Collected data
== Segment start ==

Lemma separated_family_single N (W O : {set T}) :
  N <= #|W| -> separated_family N 0 W O set0 (fun=> W).
Proof.
move=> W_large; constructor=> //.
- by move=> i i'; rewrite !leqn0 => /eqP -> /eqP ->; rewrite eqxx.
- by move=> u v i i'; rewrite !leqn0 => /eqP -> /eqP ->; rewrite eqxx.
- by move=> u v w i i' l; rewrite !leqn0 => /eqP -> /eqP ->; rewrite eqxx.
- by move=> u v w i i'; rewrite !leqn0 => /eqP -> /eqP ->; rewrite eqxx.
Qed.

Definition cons_family (A : {set T}) (Vs : nat -> {set T}) (i : nat) : {set T} :=
  if i is i'.+1 then Vs i' else A.

Section ConsFamily.

Variables (N j : nat) (W O S U L1 L : {set T}) (Vs : nat -> {set T}).
Hypotheses (SW : S \subset W) (UW : U \subset W) (disjoint_SU : [disjoint S & U]).
Hypothesis S_isolated : forall a, a \in S -> isolated a U (U :|: (O :\: L1)).
Hypothesis S_large : N + #|L| <= #|S|.
Hypothesis tail : separated_family N j U (S :|: (O :\: L1)) L Vs.

Let Vs' := cons_family (S :\: L) Vs.

Lemma mem_tail i v : i <= j -> v \in Vs i -> v \in U.
Proof. by move=> /(family_sub tail) /subsetP; apply. Qed.

Lemma head_isolated u v i : u \in S :\: L -> i <= j -> v \in Vs i ->
  ~~ is_edge2 F u v /\ forall w, w \in U :|: (O :\: L1) -> ~~ is_edge3 F u v w.
Proof. by move=> /setDP [uS _] hi /(mem_tail hi); apply: S_isolated. Qed.

Lemma cons_family_edge2 u v i i' : i <= j.+1 -> i' <= j.+1 -> i != i' ->
  u \in Vs' i -> v \in Vs' i' -> ~~ is_edge2 F u v.
Proof.
wlog lt_ii' : u v i i' / i < i'.
  move=> gen hi hi' ne; have := ne; rewrite neq_ltn => /orP [lt | lt] hu hv.
    exact: gen hu hv.
  by rewrite is_edge2C; apply: (gen v u i' i); rewrite // eq_sym.
case: i' lt_ii' => // i' _; case: i => [|i] hi hi' ne; rewrite /Vs' /= => hu hv.
  exact: (head_isolated hu hi' hv).1.
by apply: (family_edge2 tail _ _ _ hu hv).
Qed.

Lemma cons_family_edge3 u v w i i' l : i <= j.+1 -> i' <= j.+1 -> l <= j.+1 ->
  i != i' -> i != l -> i' != l -> u \in Vs' i -> v \in Vs' i' -> w \in Vs' l ->
  ~~ is_edge3 F u v w.
Proof.
wlog lt_ii' : u v i i' / i < i'.
  move=> gen hi hi' hl ne; have := ne.
  rewrite neq_ltn => /orP [lt | lt] hil hi'l hu hv hw.
    exact: gen hu hv hw.
  by rewrite is_edge3C; apply: (gen v u i' i); rewrite // eq_sym.
case: i' lt_ii' => // i' _.
case: i l => [|i] [|l] hi hi' hl ne hil hi'l; rewrite /Vs' /= => hu hv hw //.
- by apply: (head_isolated hu hi' hv).2; rewrite inE (mem_tail hl hw).
- case/setDP: hw => wS wL.
  by apply: (family_outer tail _ _ _ hu hv _ wL) => //; rewrite inE wS.
by apply: (family_edge3 tail _ _ _ _ _ _ hu hv hw).
Qed.

Lemma cons_family_outer u v w i i' : i <= j.+1 -> i' <= j.+1 -> i != i' ->
  u \in Vs' i -> v \in Vs' i' -> w \in O -> w \notin L1 :|: L -> ~~ is_edge3 F u v w.
Proof.
wlog lt_ii' : u v i i' / i < i'.
  move=> gen hi hi' ne; have := ne; rewrite neq_ltn => /orP [lt | lt] hu hv.
    exact: gen hu hv.
  by rewrite is_edge3C; apply: (gen v u i' i); rewrite // eq_sym.
case: i' lt_ii' => // i' _; case: i => [|i] hi hi' ne; rewrite /Vs' /= => hu hv wO;
  rewrite inE negb_or => /andP [wL1 wL].
  by apply: (head_isolated hu hi' hv).2; rewrite !inE wO wL1 orbT.
by apply: (family_outer tail _ _ _ hu hv _ wL) => //; rewrite !inE wO wL1 orbT.
Qed.

Lemma cons_family_separated : separated_family N j.+1 W O (L1 :|: L) Vs'.
Proof.
have sub_head : S :\: L \subset S by apply: subsetDl.
constructor.
- move=> [|i] hi; first exact: subset_trans sub_head SW.
  exact: subset_trans (family_sub tail hi) UW.
- move=> [|i] [|i'] hi hi' ne //.
  + exact: disjointW sub_head (family_sub tail hi') disjoint_SU.
  + by rewrite disjoint_sym; apply: disjointW sub_head (family_sub tail hi) disjoint_SU.
  + exact: (family_disjoint tail hi hi' ne).
- move=> [|i] hi; last exact: (family_large tail hi).
  by have := leq_card_setD S L; move: S_large; rewrite /Vs' /=; lia.
- exact: cons_family_edge2.
- exact: cons_family_edge3.
- move=> u v w [|i] hi hu hv hw.
    by apply: (head_isolated hu (leqnn j) hv).2; rewrite inE (mem_tail (leqnn j) hw).
  by apply: (family_last tail _ hu hv hw).
- exact: cons_family_outer.
Qed.

End ConsFamily.

(* A round with |S| = M := N + exceptional_bound N n j strands at most M + n
   witnesses, on top of the exceptional set of the later rounds. *)
Fixpoint exceptional_bound (N n j : nat) : nat :=
  if j is j'.+1 then N + n + 2 * exceptional_bound N n j' else 0.

Lemma exceptional_bound_le N n j : n <= N -> N + 2 * exceptional_bound N n j <= 5 ^ j * N.
Proof.
move=> n_le; elim: j => [|j IH] /=; first by rewrite mul1n addn0.
have : N <= 5 ^ j * N by rewrite leq_pmull // expn_gt0.
by rewrite expnS -mulnA; lia.
Qed.

Lemma separated_family_exists n N j (W O : {set T}) :
  ~ (exists s : seq T, size s = n /\ is_path23 F s) -> 0 < n ->
  [disjoint W & O] -> N + 2 * exceptional_bound N n j <= #|W| ->
  exists (Vs : nat -> {set T}) (L : {set T}),
    #|L| <= exceptional_bound N n j /\ separated_family N j W O L Vs.
Proof.
move=> no_path n_gt0; elim: j W O => [|j IH] W O disjoint_WO W_large.
  exists (fun=> W), set0; rewrite cards0; split=> //.
  by apply: separated_family_single; rewrite -[N]addn0.
set M := N + exceptional_bound N n j.
have [|S [U [L1 [SW UW disjoint_SU SM [U_large L1_small S_isolated]]]]] :=
  dfs_separation (M := M) no_path n_gt0 disjoint_WO.
  by move: W_large; rewrite /M /=; lia.
have disjoint_U : [disjoint U & S :|: (O :\: L1)].
  rewrite disjoint_subset; apply/subsetP=> y yU.
  have yW := subsetP UW y yU.
  by rewrite !inE (disjointFl disjoint_SU yU) (disjointFr disjoint_WO yW) andbF.
have [|Vs [L [L_small tail]]] := IH U _ disjoint_U.
  by move: U_large W_large; rewrite /M /=; lia.
exists (cons_family (S :\: L) Vs), (L1 :|: L); split.
  by have := card_setU_le L1 L; move: L1_small L_small; rewrite /M /=; lia.
by apply: (cons_family_separated SW UW disjoint_SU S_isolated _ tail); rewrite SM /M; lia.
Qed.

End Graph23.

Unset Implicit Arguments.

== Segment end ==

## THE TASK
Wherever a line in the entries holds "setDP", copy that line.

## RESPONSE FOR THIS EXERCISE
Proof. by move=> /setDP [uS _] hi /(mem_tail hi); apply: S_isolated. Qed.
- case/setDP: hw => wS wL.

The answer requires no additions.